Rumsfeld Should Go
The open and ongoing discussion about Donald Rumsfeld’s suitability as the civilian overseer of the American armed forces continues unabated. In my opinion he should be fired. I also think that the decision to fire him should not be swayed at all by the various retired generals who are now openly offering their criticism of his ability.
Simply put Rumsfeld should go for two different reasons: first he failed totally in his Iraq policy. He was perfectly correct in his assessment of the force needed to topple Saddam’s regime. In fact the success of the invasion vindicates much of Rumsfeld’s military thinking: the coordinated and highly concentrated, high tech combined force he deployed is very much a reflection of his philosophy. His abject failure came after the initial success. He totally underestimated the need to apply a large scale and long lived occupation force. In other words his downfall should come as a result of his inability to realize that while modern warfare can be waged by smaller, lighter armies, policing is still an old fashioned “boots on the ground” process. He neglected the need for policing. His arrogance prevented him from adequately foreseeing the consequences of an invasion, despite the vast array of evidence available to him that suggested his view was wrong. For this he should pay the price.
The second reason he should go has nothing to do with Iraq. It is that his reform efforts have evidently not fully penetrated the thinking of the armed forces. The Pentagon remains a vast and under supervised money drain. It still pursues excessively expensive projects that seem to have little to do with the burden of the military’s current mission: for instance the development of a new generation of fighter planes that have no credible enemy to fight; and the single minded pursuit of a Star Wars defense despite its obvious and well reported failure. I do not dispute that a large military budget is a necessity for the United States, but it appears that the way in which the budget is being spent needs a close examination. Rumsfeld has failed to rein in spending and divert it towards counter terrorism and policing, both of which are high priorities currently. He has failed to restrain the lobbying ability of his military advisors and their power to spend money on their pet projects rather than in the national interest. This is why the criticism by generals should be treated with skepticism: they have an interest in maintaining the military as a political lobbying force. The military needs to be de-politicized, not encouraged to participate in political debate.
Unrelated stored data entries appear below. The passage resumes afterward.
Definition in_classC (Mk : nat -> R) (f : R -> C) : Prop :=
  exists F, deriv_family1 f F /\
    exists A, 0 <= A /\ forall k x, 0 <= x -> Cmod (F k x) <= A ^ (S k) * Mk k.

Definition quasi_analytic (Mk : nat -> R) : Prop :=
  forall f, in_classC Mk f -> forall F, deriv_family1 f F ->
    forall x0, 0 <= x0 -> (forall k, F k x0 = C0) ->
    forall x, 0 <= x -> f x = C0.

(** * The class C_q(D, M~), M i j k = M~_k(i,j) *)
Definition Cq (m1 m2 : nat) (a : option R) (M : nat -> nat -> nat -> R)
    (v : Mfun) : Prop :=
  (exists vx vt, pdx_in m1 m2 (Dom a) v vx /\ pdt_in m1 m2 (Dom a) v vt /\
     cont_in m1 m2 (Dom a) v /\ cont_in m1 m2 (Dom a) vx /\
     cont_in m1 m2 (Dom a) vt) /\
  (exists vx vxx, pdx_in m1 m2 (Dom a) v vx /\ pdx_in m1 m2 (Dom a) vx vxx) /\
  (forall t, 0 <= t -> below_a a t -> exists B, forall x s i j,
     0 < x -> 0 <= s <= t -> (i < m1)%nat -> (j < m2)%nat ->
     Cmod (v x s i j) <= B) /\
  (forall i j, (i < m1)%nat -> (j < m2)%nat ->
     in_classC (M i j) (fun x => v x 0 i j) /\ quasi_analytic (M i j)) /\
  (forall k, exists eps, 0 < eps /\ below_a a eps /\
     exists F, xderiv_family m1 m2 (Sq eps) v k F).

Definition cubic (m1 m2 : nat) (A : Mat) : Mat := fun i j =>
  Csum m1 (fun q => Cmul (Csum m2 (fun p => Cmul (A i p) (Cconj (A q p)))) (A q j)).

Definition nls (m1 m2 : nat) (a : option R) (v : Mfun) : Prop :=
  exists vx vt vxx,
    pdx_in m1 m2 (Dom a) v vx /\ pdt_in m1 m2 (Dom a) v vt /\
    pdx_in m1 m2 (Dom a) vx vxx /\
    forall x t i j, Dom a x t -> (i < m1)%nat -> (j < m2)%nat ->
      CRscal 2 (vt x t i j) =
      Cmul Ci (Cadd (vxx x t i j) (Copp (CRscal 2 (cubic m1 m2 (v x t) i j)))).

(** (d_x^k v)_{xt} = (d_x^k v)_{tx} on Om for k <= r *)
Definition mixed_commute (m1 m2 : nat) (Om : R -> R -> Prop)
    (F : nat -> Mfun) (r : nat) : Prop :=
  forall k, (k <= r)%nat -> exists T Y,
    pdt_in m1 m2 Om (F k) T /\ pdx_in m1 m2 Om T Y /\
    pdt_in m1 m2 Om (F (S k)) Y.

From Stdlib Require Import Reals Lra Lia Psatz ClassicalEpsilon.
Require Coquelicot.Coquelicot.
Open Scope R_scope.

(* Let F_k be the k-th x-derivative of a solution v on a small square [0,e]^2.
   The equation gives d_t F_0 = (i/2) (F_2 - 2 v v^* v), and differentiating in x
   (Schwarz's theorem, legitimate since the right-hand side is continuous) turns
   d_t F_k = (i/2) (F_(k+2) - 2 d_x^k (v v^* v)) into the same identity for k+1;
   this is the commutation (F_k)_xt = (F_k)_tx.  At x = 0 the identity solves for
   F_(k+2)(0,t) through the t-derivative of F_k(0,t) and through d_x^k (v v^* v)(0,t),
   which depends only on F_0(0,t), ..., F_k(0,t).  By induction all F_k(0,.) are
   determined by v(0,.) and v_x(0,.), in particular all x-derivatives of v(.,0) at
   0, and quasi-analyticity of the classes C({M_k}) then determines v(.,0). *)

(** * Limits along neighbourhood bases and one-sided derivatives *)

(* [Nb d p]: the point [p] lies in the basic neighbourhood of radius [d]. *)
Definition lim_along {X : Type} (Nb : R -> X -> Prop) (f : X -> R) (l : R) :=
  forall eps, 0 < eps -> exists d, 0 < d /\ forall p, Nb d p -> Rabs (f p - l) < eps.

Definition nbhd_monotone {X : Type} (Nb : R -> X -> Prop) :=
  forall d d' p, d <= d' -> Nb d p -> Nb d' p.

Section Limits.
Context {X : Type} (Nb : R -> X -> Prop).

Lemma lim_along_ext f g l :
  (forall d p, Nb d p -> f p = g p) -> lim_along Nb f l -> lim_along Nb g l.
Proof.
  intros E H eps He. destruct (H eps He) as [d [Hd Hp]]. exists d; split; auto.
  intros p Hn. rewrite <- (E d p Hn). auto.
Qed.

Lemma lim_along_const c : lim_along Nb (fun _ => c) c.
Proof.
  intros eps He. exists 1; split; [lra|].
  intros. unfold Rminus. rewrite Rplus_opp_r, Rabs_R0. auto.
Qed.

Lemma lim_along_opp f l : lim_along Nb f l -> lim_along Nb (fun p => - f p) (- l).
Proof.
  intros H eps He. destruct (H eps He) as [d [Hd P]]. exists d; split; auto.
  intros p Hp. replace (- f p - - l) with (- (f p - l)) by ring. rewrite Rabs_Ropp. auto.
Qed.

Hypothesis Nb_mono : nbhd_monotone Nb.

Lemma lim_along_both f g l m eps1 eps2 : 0 < eps1 -> 0 < eps2 ->
  lim_along Nb f l -> lim_along Nb g m -> exists d, 0 < d /\
    forall p, Nb d p -> Rabs (f p - l) < eps1 /\ Rabs (g p - m) < eps2.
Proof.
  intros H1 H2 Hf Hg.
  destruct (Hf eps1 H1) as [d1 [Hd1 P1]]. destruct (Hg eps2 H2) as [d2 [Hd2 P2]].
  exists (Rmin d1 d2); split; [apply Rmin_glb_lt; auto|].
  intros p Hp. split.
  - apply P1, (Nb_mono _ _ _ (Rmin_l _ _) Hp).
  - apply P2, (Nb_mono _ _ _ (Rmin_r _ _) Hp).
Qed.

Lemma lim_along_plus f g l m :
  lim_along Nb f l -> lim_along Nb g m -> lim_along Nb (fun p => f p + g p) (l + m).
Proof.
  intros Hf Hg eps He.
  destruct (lim_along_both f g l m (eps/2) (eps/2) ltac:(lra) ltac:(lra) Hf Hg)
    as [d [Hd P]].
  exists d; split; auto. intros p Hp. destruct (P p Hp) as [A B].
  replace (f p + g p - (l + m)) with ((f p - l) + (g p - m)) by ring.
  eapply Rle_lt_trans; [apply Rabs_triang|]. lra.
Qed.

Lemma lim_along_mult f g l m :
  lim_along Nb f l -> lim_along Nb g m -> lim_along Nb (fun p => f p * g p) (l * m).
Proof.
  intros Hf Hg eps He.
  set (K := 1 + Rabs l + Rabs m).
  assert (HK : 0 < K) by (unfold K; pose proof (Rabs_pos l); pose proof (Rabs_pos m); lra).
  set (eta := Rmin 1 (eps / K)).
  assert (Heta : 0 < eta) by (apply Rmin_glb_lt; [lra| apply Rdiv_lt_0_compat; auto]).
  assert (Heta1 : eta <= 1) by apply Rmin_l.
  assert (HetaK : eta * K <= eps).
  { assert (eta <= eps / K) by apply Rmin_r.
    apply Rmult_le_compat_r with (r := K) in H; [|lra].
    unfold Rdiv in H. rewrite Rmult_assoc, Rinv_l in H; lra. }
  destruct (lim_along_both f g l m eta eta Heta Heta Hf Hg) as [d [Hd P]].
  exists d; split; auto. intros p Hp. destruct (P p Hp) as [A B].
  replace (f p * g p - l * m)
    with ((f p - l) * (g p - m) + l * (g p - m) + m * (f p - l)) by ring.
  eapply Rle_lt_trans; [apply Rabs_triang|].
  eapply Rle_lt_trans; [apply Rplus_le_compat_r; apply Rabs_triang|].
  rewrite !Rabs_mult. unfold K in HetaK.
  pose proof (Rabs_pos l); pose proof (Rabs_pos m);
  pose proof (Rabs_pos (f p - l)); pose proof (Rabs_pos (g p - m)).
  assert (Rabs (f p - l) * Rabs (g p - m) < eta * 1).
  { apply Rle_lt_trans with (eta * Rabs (g p - m)); [apply Rmult_le_compat_r; lra|].
    apply Rmult_lt_compat_l; lra. }
  assert (Rabs l * Rabs (g p - m) <= Rabs l * eta) by (apply Rmult_le_compat_l; lra).
  assert (Rabs m * Rabs (f p - l) <= Rabs m * eta) by (apply Rmult_le_compat_l; lra).
  nra.
Qed.

End Limits.

Definition punctured_nbhd (S : R -> Prop) (x : R) : R -> R -> Prop :=
  fun d h => h <> 0 /\ Rabs h < d /\ S (x + h).

Lemma punctured_nbhd_monotone S x : nbhd_monotone (punctured_nbhd S x).
Proof. intros d d' h Hd [A [B C]]. repeat split; auto; lra. Qed.

Lemma is_deriv_in_lim S g x l :
  is_deriv_in S g x l <-> lim_along (punctured_nbhd S x) (fun h => (g (x + h) - g x) / h) l.
Proof.
  split; intros H eps He; destruct (H eps He) as [d [Hd P]]; exists d; split; auto.
  - intros h [A [B C]]. auto.
  - intros h A B C. apply P. repeat split; auto.
Qed.

Section Derivatives.
Variable S : R -> Prop.

Lemma is_deriv_in_continuous g x l : is_deriv_in S g x l ->
  lim_along (punctured_nbhd S x) (fun h => g (x + h)) (g x).
Proof.
  intros H. apply is_deriv_in_lim in H.
  assert (Hid : lim_along (punctured_nbhd S x) (fun h => h) 0).
  { intros eps He. exists eps; split; auto. intros h [A [B C]]. rewrite Rminus_0_r. auto. }
  pose proof (punctured_nbhd_monotone S x) as Hm.
  pose proof (lim_along_plus _ Hm _ _ _ _ (lim_along_const _ (g x))
                (lim_along_mult _ Hm _ _ _ _ Hid H)) as Hp.
  rewrite Rmult_0_l, Rplus_0_r in Hp.
  eapply lim_along_ext; [|exact Hp]. intros d h [A _]. simpl. field. auto.
Qed.

Lemma is_deriv_in_plus f g x l m : is_deriv_in S f x l -> is_deriv_in S g x m ->
  is_deriv_in S (fun y => f y + g y) x (l + m).
Proof.
  rewrite !is_deriv_in_lim. intros Hf Hg.
  eapply lim_along_ext;
    [|exact (lim_along_plus _ (punctured_nbhd_monotone S x) _ _ _ _ Hf Hg)].
  intros d h _. simpl. unfold Rdiv. ring.
Qed.

Lemma is_deriv_in_opp f x l : is_deriv_in S f x l ->
  is_deriv_in S (fun y => - f y) x (- l).
Proof.
  rewrite !is_deriv_in_lim. intros Hf.
  eapply lim_along_ext; [|exact (lim_along_opp _ _ _ Hf)].
  intros d h _. simpl. unfold Rdiv. ring.
Qed.

Lemma is_deriv_in_const c x : is_deriv_in S (fun _ => c) x 0.
Proof.
  apply is_deriv_in_lim. eapply lim_along_ext; [|exact (lim_along_const _ 0)].
  intros d h _. simpl. unfold Rdiv. ring.
Qed.

Lemma is_deriv_in_scal c x : is_deriv_in S (fun y => c * y) x c.
Proof.
  apply is_deriv_in_lim. eapply lim_along_ext; [|exact (lim_along_const _ c)].
  intros d h [A _]. simpl. field. auto.
Qed.

Lemma is_deriv_in_mult f g x l m : is_deriv_in S f x l -> is_deriv_in S g x m ->
  is_deriv_in S (fun y => f y * g y) x (l * g x + f x * m).
Proof.
  intros Hf Hg. pose proof (is_deriv_in_continuous _ _ _ Hg) as Hc.
  rewrite is_deriv_in_lim in *. pose proof (punctured_nbhd_monotone S x) as Hm.
  eapply lim_along_ext;
    [|exact (lim_along_plus _ Hm _ _ _ _ (lim_along_mult _ Hm _ _ _ _ Hf Hc)
              (lim_along_mult _ Hm _ _ _ _ (lim_along_const _ (f x)) Hg))].
  intros d h _. simpl. unfold Rdiv. ring.
Qed.

Lemma is_deriv_in_ext g g' x l : (forall y, S y -> g y = g' y) -> S x ->
  is_deriv_in S g x l -> is_deriv_in S g' x l.
Proof.
  intros E Sx H eps He. destruct (H eps He) as [d [Hd P]]. exists d; split; auto.
  intros h A B C. rewrite <- (E _ C), <- (E _ Sx). auto.
Qed.

Lemma is_deriv_in_unique g x l1 l2 :
  (forall d, 0 < d -> exists h, punctured_nbhd S x d h) ->
  is_deriv_in S g x l1 -> is_deriv_in S g x l2 -> l1 = l2.
Proof.
  intros Hp H1 H2. destruct (Req_dec l1 l2) as [|Hne]; auto. exfalso.
  set (eps := Rabs (l1 - l2) / 2).
  assert (He : 0 < eps) by (apply Rdiv_lt_0_compat; [apply Rabs_pos_lt; lra|lra]).
  rewrite is_deriv_in_lim in H1, H2.
  destruct (lim_along_both _ (punctured_nbhd_monotone S x) _ _ _ _ _ _ He He H1 H2)
    as [d [Hd P]].
  destruct (Hp d Hd) as [h Hh]. destruct (P h Hh) as [Q1 Q2].
  assert (Rabs (l1 - l2) <= Rabs ((g (x + h) - g x) / h - l1)
                            + Rabs ((g (x + h) - g x) / h - l2)).
  { replace (l1 - l2)
      with (- ((g (x + h) - g x) / h - l1) + ((g (x + h) - g x) / h - l2)) by ring.
    eapply Rle_trans; [apply Rabs_triang|]. rewrite Rabs_Ropp. lra. }
  unfold eps in *. lra.
Qed.

End Derivatives.

Lemma is_deriv_in_subset (S S' : R -> Prop) g x l : (forall y, S' y -> S y) ->
  is_deriv_in S g x l -> is_deriv_in S' g x l.
Proof.
  intros HS H eps He. destruct (H eps He) as [d [Hd P]]. exists d; split; auto.
Qed.

Lemma interval_punctured_nonempty lo hi x : lo < hi -> lo <= x <= hi ->
  forall d, 0 < d -> exists h, h <> 0 /\ Rabs h < d /\ lo <= x + h <= hi.
Proof.
  intros Hlh Hx d Hd. destruct (Rlt_le_dec x hi) as [Hlt|Hge].
  - exists (Rmin (d/2) (hi - x)).
    assert (0 < Rmin (d/2) (hi - x)) by (apply Rmin_glb_lt; lra).
    pose proof (Rmin_l (d/2) (hi - x)); pose proof (Rmin_r (d/2) (hi - x)).
    rewrite Rabs_pos_eq; [|lra]. repeat split; lra.
  - exists (- Rmin (d/2) (hi - lo)).
    assert (0 < Rmin (d/2) (hi - lo)) by (apply Rmin_glb_lt; lra).
    pose proof (Rmin_l (d/2) (hi - lo)); pose proof (Rmin_r (d/2) (hi - lo)).
    rewrite Rabs_Ropp, Rabs_pos_eq; [|lra]. repeat split; lra.
Qed.

Definition clamp a b y := Rmax a (Rmin b y).

Lemma clamp_in a b y : a <= b -> a <= clamp a b y <= b.
Proof. intros. unfold clamp, Rmax, Rmin. repeat destruct Rle_dec; lra. Qed.

Lemma clamp_id a b y : a <= y <= b -> clamp a b y = y.
Proof. intros. unfold clamp, Rmax, Rmin. repeat destruct Rle_dec; lra. Qed.

Lemma clamp_dist a b y x : a <= x <= b -> Rabs (clamp a b y - x) <= Rabs (y - x).
Proof.
  intros. unfold clamp, Rmax, Rmin, Rabs.
  repeat destruct Rle_dec; repeat destruct Rcase_abs; lra.
Qed.

Section Clamped.
Variables (a b : R) (g : R -> R).
Let I := fun z => a <= z <= b.

Lemma derivable_pt_lim_clamp x l : a < x < b -> is_deriv_in I g x l ->
  derivable_pt_lim (fun y => g (clamp a b y)) x l.
Proof.
  intros Hx Hd eps He. destruct (Hd eps He) as [d [Hd0 P]].
  assert (Hm : 0 < Rmin d (Rmin (x - a) (b - x)))
    by (apply Rmin_glb_lt; [auto| apply Rmin_glb_lt; lra]).
  exists (mkposreal _ Hm). intros h Hh0 Hh. simpl in Hh.
  pose proof (Rmin_l d (Rmin (x - a) (b - x))); pose proof (Rmin_r d (Rmin (x - a) (b - x))).
  pose proof (Rmin_l (x - a) (b - x)); pose proof (Rmin_r (x - a) (b - x)).
  assert (Hh' : - (x - a) < h < b - x)
    by (pose proof (Rle_abs h); pose proof (Rle_abs (- h)); rewrite Rabs_Ropp in *; lra).
  rewrite !clamp_id by lra. apply P; unfold I; auto; lra.
Qed.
Put more succintly: he has failed to exert proper civilian control over the armed forces in terms of establishing purposeful priorities while he apparently exerted too much control in terms of execution.
Of course when declared this way my criticism of him is also a criticism of the entire Bush regime. No one in the current regime has any more right to survive the Iraq failure than Rumsfeld. It is simply that Rumsfeld is the man in the hot seat and should go first.
Also: I think that the current quagmire in Iraq represents in microcosm a failure of the entire country to come to terms with the consequences of its actions: an empire like the American needs to be run and powered appropriately. Invasions naturally lead to occupations, which, in turn, inevitably lead to long term presences around the world. The notion that America always leaves quickly after it has “liberated” a country is a myth: it still has tens of thousands of troops in Germany, Japan and South Korea fifty years after “liberating” them. And whole chunks of its own territory are essentially occupations of Mexican land seized at gunpoint a century and a half ago. Politicians of both parties need to stop denying the nature of American power and start educating Americans into the ways of empire. That way future adventures can be explicitly organized as long term invasions and occupations. The American public will stop clamoring to “get the troops home soon” since they will realize that a long term garrison will be inevitable; and the invaded populace will have the necessary time to sort itself out without having to rush to a timetable established by the American need to avoid casualties. More to the current point: local resistance will be seen as futile because the Americans will be seen as a long term opponent rather than a “fly by night” liberator who, with a little patience, can be defeated, not through military force but through boredom and exingency of its domestic political demands.